Exercise requirements: In the records below, begin at the line that has "Variables (E : R -> Prop) (a b : R)." and stop after the line that has "[|now exists c]."; quote those lines verbatim and nothing more.

Material supplied:
(* Let $\mathcal{E}\subseteq\mathrm{CL}(\mathbb{R})$ be hereditary. Then there exists $\mathcal{G}\subseteq C(\mathbb{R},\mathbb{R})$ such that $\mathcal{E}$ is the least element of $(\mathcal{K}_\mathcal{G},\subseteq)$.
   Context: $\mathrm{CL}(\mathbb{R})$ denotes the family of all closed subsets of $\mathbb{R}$ and $C(\mathbb{R},\mathbb{R})$ the set of all continuous functions $\mathbb{R}\to\mathbb{R}$. For $\mathcal{G}\subseteq C(\mathbb{R},\mathbb{R})$ let $R_\mathcal{G}=\{(f,E)\in C(\mathbb{R},\mathbb{R})\times\mathrm{CL}(\mathbb{R}):(\exists g\in\mathcal{G})\, f\restriction E=g\restriction E\}$. For $\mathcal{F}\subseteq C(\mathbb{R},\mathbb{R})$ put $E_\mathcal{G}(\mathcal{F})=\{E\in\mathrm{CL}(\mathbb{R}):(\forall f\in\mathcal{F})\,(f,E)\in R_\mathcal{G}\}$, and let $\mathcal{K}_\mathcal{G}=\{E_\mathcal{G}(\mathcal{F}):\mathcal{F}\subseteq C(\mathbb{R},\mathbb{R})\}$, ordered by inclusion (it is a complete lattice). A family $\mathcal{E}\subseteq\mathrm{CL}(\mathbb{R})$ is hereditary if for all $D,E\in\mathrm{CL}(\mathbb{R})$, $D\subseteq E\in\mathcal{E}$ implies $D\in\mathcal{E}$. *)

From Stdlib Require Import Reals Rtopology.
Open Scope R_scope.

Definition is_C (f : R -> R) : Prop := continuity f.

Definition is_CL (E : R -> Prop) : Prop := closed_set E.

Definition subset (D E : R -> Prop) : Prop := forall x, D x -> E x.

Definition fam_in_C (G : (R -> R) -> Prop) : Prop := forall g, G g -> is_C g.

Definition fam_in_CL (F : (R -> Prop) -> Prop) : Prop := forall E, F E -> is_CL E.

Definition R_G (G : (R -> R) -> Prop) (f : R -> R) (E : R -> Prop) : Prop :=
  is_C f /\ is_CL E /\ exists g, G g /\ forall x, E x -> f x = g x.

Definition E_G (G : (R -> R) -> Prop) (F : (R -> R) -> Prop) (E : R -> Prop) : Prop :=
  is_CL E /\ forall f, F f -> R_G G f E.

Definition fam_eq (A B : (R -> Prop) -> Prop) : Prop :=
  forall E, is_CL E -> (A E <-> B E).

Definition in_K_G (G : (R -> R) -> Prop) (A : (R -> Prop) -> Prop) : Prop :=
  fam_in_CL A /\ exists F, fam_in_C F /\ fam_eq A (E_G G F).

Definition least_in_K_G (G : (R -> R) -> Prop) (A : (R -> Prop) -> Prop) : Prop :=
  in_K_G G A /\ forall B, in_K_G G B -> forall E, A E -> B E.

Definition hereditary (A : (R -> Prop) -> Prop) : Prop :=
  forall D E, is_CL D -> is_CL E -> subset D E -> A E -> A D.

(* Let (q_n) list the rationals and let w_n = 1/(n+1).  Call the value v forbidden at x if
   x is unlisted and v = 0, or x = q_n and v = w_n; let G be the continuous functions that
   avoid forbidden values off some member D of the family.

   The restriction of a continuous f to a closed D of the family extends to a member of G: on
   each gap of D, interpolate between the values at the ends and add t times a polynomial
   vanishing there; a generic t dodges the countably many forbidden values at rationals, and
   when f changes sign across the gap the interpolant is made to vanish at a rational point.  Hence every member of
   the family lies in every E_G(F).

   Conversely let E be closed and outside the family.  By heredity E is not contained in any
   member D, so a neighbourhood of some point of E misses D.  There E has an isolated point or,
   by a Baire argument, an unlisted point.  Bumps of height w_n at the first-listed isolated
   points of E give a continuous function taking a forbidden value at every such point, so it
   agrees on E with no function of G.  So the family is E_G(C(R,R)), and it is least. *)

From Stdlib Require Import Reals Rtopology.
From Stdlib Require Import Lra Lia ZArith Cantor.
From Stdlib Require Import Classical ClassicalEpsilon PropExtensionality FunctionalExtensionality.
Open Scope R_scope.

Lemma continuity_pt_eps (f : R -> R) (x : R) :
  continuity_pt f x <->
  forall eps, 0 < eps -> exists d, 0 < d /\ forall y, Rabs (y - x) < d -> Rabs (f y - f x) < eps.
Proof.
  unfold continuity_pt, continue_in, limit1_in, limit_in, D_x, no_cond; simpl; unfold R_dist.
  split.
  - intros H eps Heps. destruct (H eps Heps) as [d [Hd Hf]]. exists d; split; [lra|].
    intros y Hy. destruct (Req_dec y x) as [->|Hne].
    + rewrite Rminus_diag, Rabs_R0; lra.
    + apply Hf; auto.
  - intros H eps Heps. destruct (H eps Heps) as [d [Hd Hf]]. exists d; split; [lra|].
    intros y [_ Hy]. apply Hf, Hy.
Qed.

Lemma continuity_Rmax_0 : continuity (Rmax 0).
Proof.
  intro y. apply (continuity_pt_locally_ext (fun z => (z + Rabs z) / 2) _ 1); [lra| |reg].
  intros z _. unfold Rmax, Rabs. destruct (Rle_dec 0 z), (Rcase_abs z); lra.
Qed.

Lemma continuity_pt_finite_family (F : nat -> R -> R) (x : R) (N : nat) :
  (forall n, continuity_pt (F n) x) -> forall eps, 0 < eps ->
  exists d, 0 < d /\ forall n y, (n < N)%nat -> Rabs (y - x) < d -> Rabs (F n y - F n x) < eps.
Proof.
  intros HF eps Heps. induction N as [|N [d [Hd IH]]].
  - exists 1. split; [lra|]. intros; lia.
  - destruct (proj1 (continuity_pt_eps _ _) (HF N) eps Heps) as [d' [Hd' HN]].
    exists (Rmin d d'). split; [now apply Rmin_glb_lt|].
    intros n y Hn Hy. pose proof (Rmin_l d d'); pose proof (Rmin_r d d').
    destruct (Nat.eq_dec n N) as [->|Hne]; [apply HN; lra|apply IH; [lia|lra]].
Qed.

Lemma closed_set_free_ball (D : R -> Prop) (x : R) :
  closed_set D -> ~ D x -> exists d, 0 < d /\ forall z, Rabs (z - x) < d -> ~ D z.
Proof.
  intros HD Hx. destruct (HD x Hx) as [d Hd]. exists d. split; [apply cond_pos|].
  intros z Hz. exact (Hd z Hz).
Qed.

Lemma closed_set_opp (D : R -> Prop) : closed_set D -> closed_set (fun y => D (- y)).
Proof.
  intros HD x Hx. destruct (closed_set_free_ball D (- x) HD Hx) as [d [Hd Hfree]].
  exists (mkposreal d Hd). intros y Hy. apply Hfree. unfold disc in Hy; simpl in Hy.
  replace (- y - - x) with (- (y - x)) by ring. now rewrite Rabs_Ropp.
Qed.

Definition weight (n : nat) : R := / INR (S n).

Lemma weight_pos (n : nat) : 0 < weight n.
Proof. apply Rinv_0_lt_compat, lt_0_INR. lia. Qed.

Lemma weight_small (eps : R) : 0 < eps -> exists N, forall n, (N <= n)%nat -> weight n < eps.
Proof.
  intros Heps. destruct (archimed_cor1 eps Heps) as [N [HN HN0]]. exists N. intros n Hn.
  apply Rle_lt_trans with (/ INR N); [|exact HN].
  apply Rinv_le_contravar; [now apply lt_0_INR|apply le_INR; lia].
Qed.

(** * Closed sets without isolated points are uncountable *)

Definition isolated_in (E : R -> Prop) (x : R) : Prop :=
  exists r, 0 < r /\ forall z, E z -> Rabs (z - x) < r -> z = x.

Lemma nested_intervals_point (l r : nat -> R) :
  (forall k, l k <= l (S k)) -> (forall k, r (S k) <= r k) -> (forall k, l k <= r k) ->
  exists y, forall k, l k <= y <= r k.
Proof.
  intros Hl Hr Hlr.
  assert (Hmono : forall j k, (j <= k)%nat -> l j <= l k /\ r k <= r j).
  { intros j k Hjk. induction Hjk as [|k _ IH]; [lra|]. specialize (Hl k); specialize (Hr k). lra. }
  assert (Hlr' : forall j k, l j <= r k).
  { intros j k. destruct (Hmono j (max j k)), (Hmono k (max j k)); try lia.
    pose proof (Hlr (max j k)). lra. }
  destruct (completeness (fun z => exists k, z = l k)) as [y [Hub Hlub]].
  - exists (r O). intros z [k ->]. apply Hlr'.
  - exists (l O), O. reflexivity.
  - exists y. intros k. split; [apply Hub; now exists k|]. apply Hlub. intros z [j ->]. apply Hlr'.
Qed.

Section NestedIntervals.

Variables (E : R -> Prop) (a b : R).
Hypothesis no_isolated : forall x, E x -> a < x < b ->
  forall r, 0 < r -> exists z, E z /\ z <> x /\ Rabs (z - x) < r.

Definition meets_E (p : R * R) : Prop :=
  a < fst p /\ snd p < b /\ exists c, E c /\ fst p < c < snd p.

Lemma meets_E_shrink (p : R * R) (v eps : R) : meets_E p -> 0 < eps ->
  exists p', meets_E p' /\ fst p <= fst p' /\ snd p' <= snd p /\
    snd p' - fst p' <= eps /\ (v < fst p' \/ snd p' < v).
Proof.
  destruct p as [l r]. intros (Hal & Hrb & c & Ec & Hc) Heps. simpl in *.
  assert (Hc' : exists c', E c' /\ l < c' < r /\ c' <> v).
  { destruct (Req_dec c v) as [<-|Hne]; [|now exists c].
    destruct (no_isolated c Ec ltac:(lra) (Rmin (c - l) (r - c))) as [z (Ez & Hzc & Hz)].
    { apply Rmin_glb_lt; lra. }
    pose proof (Rmin_l (c - l) (r - c)); pose proof (Rmin_r (c - l) (r - c)).
    apply Rabs_def2 in Hz as [Hz1 Hz2]. exists z. repeat split; auto; lra. }
  destruct Hc' as [c' (Ec' & Hc' & Hne)].
  assert (Hv : 0 < Rabs (c' - v)) by (apply Rabs_pos_lt; lra).
  assert (Hmin : 0 < Rmin (Rmin (c' - l) (r - c')) (Rmin (Rabs (c' - v)) eps))
    by (repeat apply Rmin_glb_lt; lra).
  remember (Rmin (Rmin (c' - l) (r - c')) (Rmin (Rabs (c' - v)) eps) / 2) as rho eqn:Hrho.
  pose proof (Rmin_l (Rmin (c' - l) (r - c')) (Rmin (Rabs (c' - v)) eps)).
  pose proof (Rmin_r (Rmin (c' - l) (r - c')) (Rmin (Rabs (c' - v)) eps)).
  pose proof (Rmin_l (c' - l) (r - c')); pose proof (Rmin_r (c' - l) (r - c')).
  pose proof (Rmin_l (Rabs (c' - v)) eps); pose proof (Rmin_r (Rabs (c' - v)) eps).
  exists (c' - rho, c' + rho); unfold meets_E; simpl. repeat split; try lra.
  - exists c'. split; [exact Ec'|lra].
  - unfold Rabs in *. destruct (Rcase_abs (c' - v)); [right|left]; lra.
Qed.
(* Let $k\ge 1$ be an integer, let $C(k)=\prod_{p\le 2k,\ p\text{ prime}}p$, and let $a\in\mathbb{C}$ with $a\neq 0$. Define $$Z_a^k=\Big\{(\zeta_1,\dots,\zeta_k)\ :\ \zeta_i \text{ roots of unity, and } \exists\, a_1,\dots,a_k\in\mathbb{Q} \text{ with } \sum_{i=1}^k a_i\zeta_i=a \text{ and } \sum_{i\in I}a_i\zeta_i\neq 0 \text{ for all } \emptyset\neq I\subseteq[k]\Big\}.$$ Then $|Z_a^k|\le (k\cdot C(k))^k$.
   Context: $[k]=\{1,\dots,k\}$. *)

From mathcomp Require Import all_boot all_order all_algebra.
Set Implicit Arguments. Unset Strict Implicit. Unset Printing Implicit Defensive.
Import Order.TTheory GRing.Theory Num.Theory.
Local Open Scope ring_scope.

Definition is_root_of_unity {C : numClosedFieldType} (z : C) : Prop :=
  exists n : nat, (0 < n)%N /\ z ^+ n = 1.

Definition Cconst (k : nat) : nat := (\prod_(p < (2 * k).+1 | prime p) p)%N.

Definition inZ {C : numClosedFieldType} (k : nat) (a : C) (z : k.-tuple C) : Prop :=
  (forall i : 'I_k, is_root_of_unity (tnth z i)) /\
  exists c : 'I_k -> rat,
    \sum_(i < k) ratr (c i) * tnth z i = a /\
    forall I : {set 'I_k}, I != set0 -> \sum_(i in I) ratr (c i) * tnth z i != 0.

(* Mann's theorem: if [sum_(i in A) c_i w_i = 0] is a minimal vanishing sum of
   roots of unity with rational coefficients and some [w_j0 = 1], then every
   [w_i] is a root of unity of squarefree order with prime factors [<= #|A|].
   A superfluous prime [p] is removed from a common order [p N'] by applying
   the Galois conjugations [w |-> w^(1 + N' r)] and averaging over [r < p].
   For [zeta], [xi] in [Z_a^k], the vanishing sum [sum c_i zeta_i - sum b_j xi_j]
   has a minimal vanishing subsum through [zeta_i], which must contain some
   [xi_j]; Mann's theorem shows that [zeta_i / xi_j] is a [C(k)]-th root of
   unity. Fixing [xi], each point of [Z_a^k] is thus encoded by a map
   [i |-> (j, m)] with [zeta_i = xi_j rho^m], whence the bound [(k C(k))^k]. *)

From mathcomp Require Import all_boot all_order all_algebra.
From mathcomp Require Import cyclic all_field zify ring.
Set Implicit Arguments. Unset Strict Implicit. Unset Printing Implicit Defensive.
Import Order.TTheory GRing.Theory Num.Theory.
Local Open Scope ring_scope.

Local Notation QPhi n := (map_poly (intr : int -> rat) 'Phi_n).

Lemma prim_root_exists (C : numClosedFieldType) n :
  (0 < n)%N -> exists z : C, n.-primitive_root z.
Proof.
move=> n_gt0; have [r DXn1] := closed_field_poly_normal ('X^n - 1 : {poly C}).
rewrite lead_coefXnsubC // scale1r in DXn1.
have r_unity : all n.-unity_root r by apply/allP => z; rewrite -root_prod_XsubC -DXn1.
have uniq_r : uniq r.
  by rewrite -separable_prod_XsubC -DXn1 separable_Xn_sub_1 // pnatr_eq0 -lt0n.
have size_r : (n <= size r)%N.
  by rewrite -ltnS -(size_prod_XsubC r id) -DXn1 size_XnsubC.
by have /hasP[z] := has_prim_root n_gt0 r_unity uniq_r size_r; exists z.
Qed.

(* The argument of [Cintr_Cyclotomic], over an arbitrary field. *)
Lemma map_Cyclotomic (F : fieldType) n (z : F) :
  n.-primitive_root z -> map_poly intr 'Phi_n = cyclotomic z n.
Proof.
elim/ltn_ind: n z => n IHn z prim_z.
have n_gt0 := prim_order_gt0 prim_z.
have [uDn _ inDn] := divisors_correct n_gt0.
pose q := \prod_(d <- rem n (divisors n)) 'Phi_d.
have nz_q : map_poly (intr : int -> F) q != 0.
  by apply/monic_neq0/monic_map/monic_prod => d _; apply: Cyclotomic_monic.
apply: (mulIf nz_q); rewrite -rmorphM /=.
have -> : 'Phi_n * q = 'X^n - 1 by rewrite -(prod_Cyclotomic n_gt0) (big_rem n) ?inDn.
rewrite rmorphB /= rmorph1 map_polyXn (prod_cyclotomic prim_z) (big_rem n) ?inDn //=.
rewrite divnn n_gt0 expr1 rmorph_prod /=; congr (_ * _).
apply: eq_big_seq => d; rewrite mem_rem_uniq ?inE //= inDn => /andP[n'd ddvn].
by rewrite -IHn ?dvdn_prim_root // ltn_neqAle n'd dvdn_leq.
Qed.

Response below:
Variables (E : R -> Prop) (a b : R).
Hypothesis no_isolated : forall x, E x -> a < x < b ->
  forall r, 0 < r -> exists z, E z /\ z <> x /\ Rabs (z - x) < r.

Definition meets_E (p : R * R) : Prop :=
  a < fst p /\ snd p < b /\ exists c, E c /\ fst p < c < snd p.

Lemma meets_E_shrink (p : R * R) (v eps : R) : meets_E p -> 0 < eps ->
  exists p', meets_E p' /\ fst p <= fst p' /\ snd p' <= snd p /\
    snd p' - fst p' <= eps /\ (v < fst p' \/ snd p' < v).
Proof.
  destruct p as [l r]. intros (Hal & Hrb & c & Ec & Hc) Heps. simpl in *.
  assert (Hc' : exists c', E c' /\ l < c' < r /\ c' <> v).
  { destruct (Req_dec c v) as [<-|Hne]; [|now exists c].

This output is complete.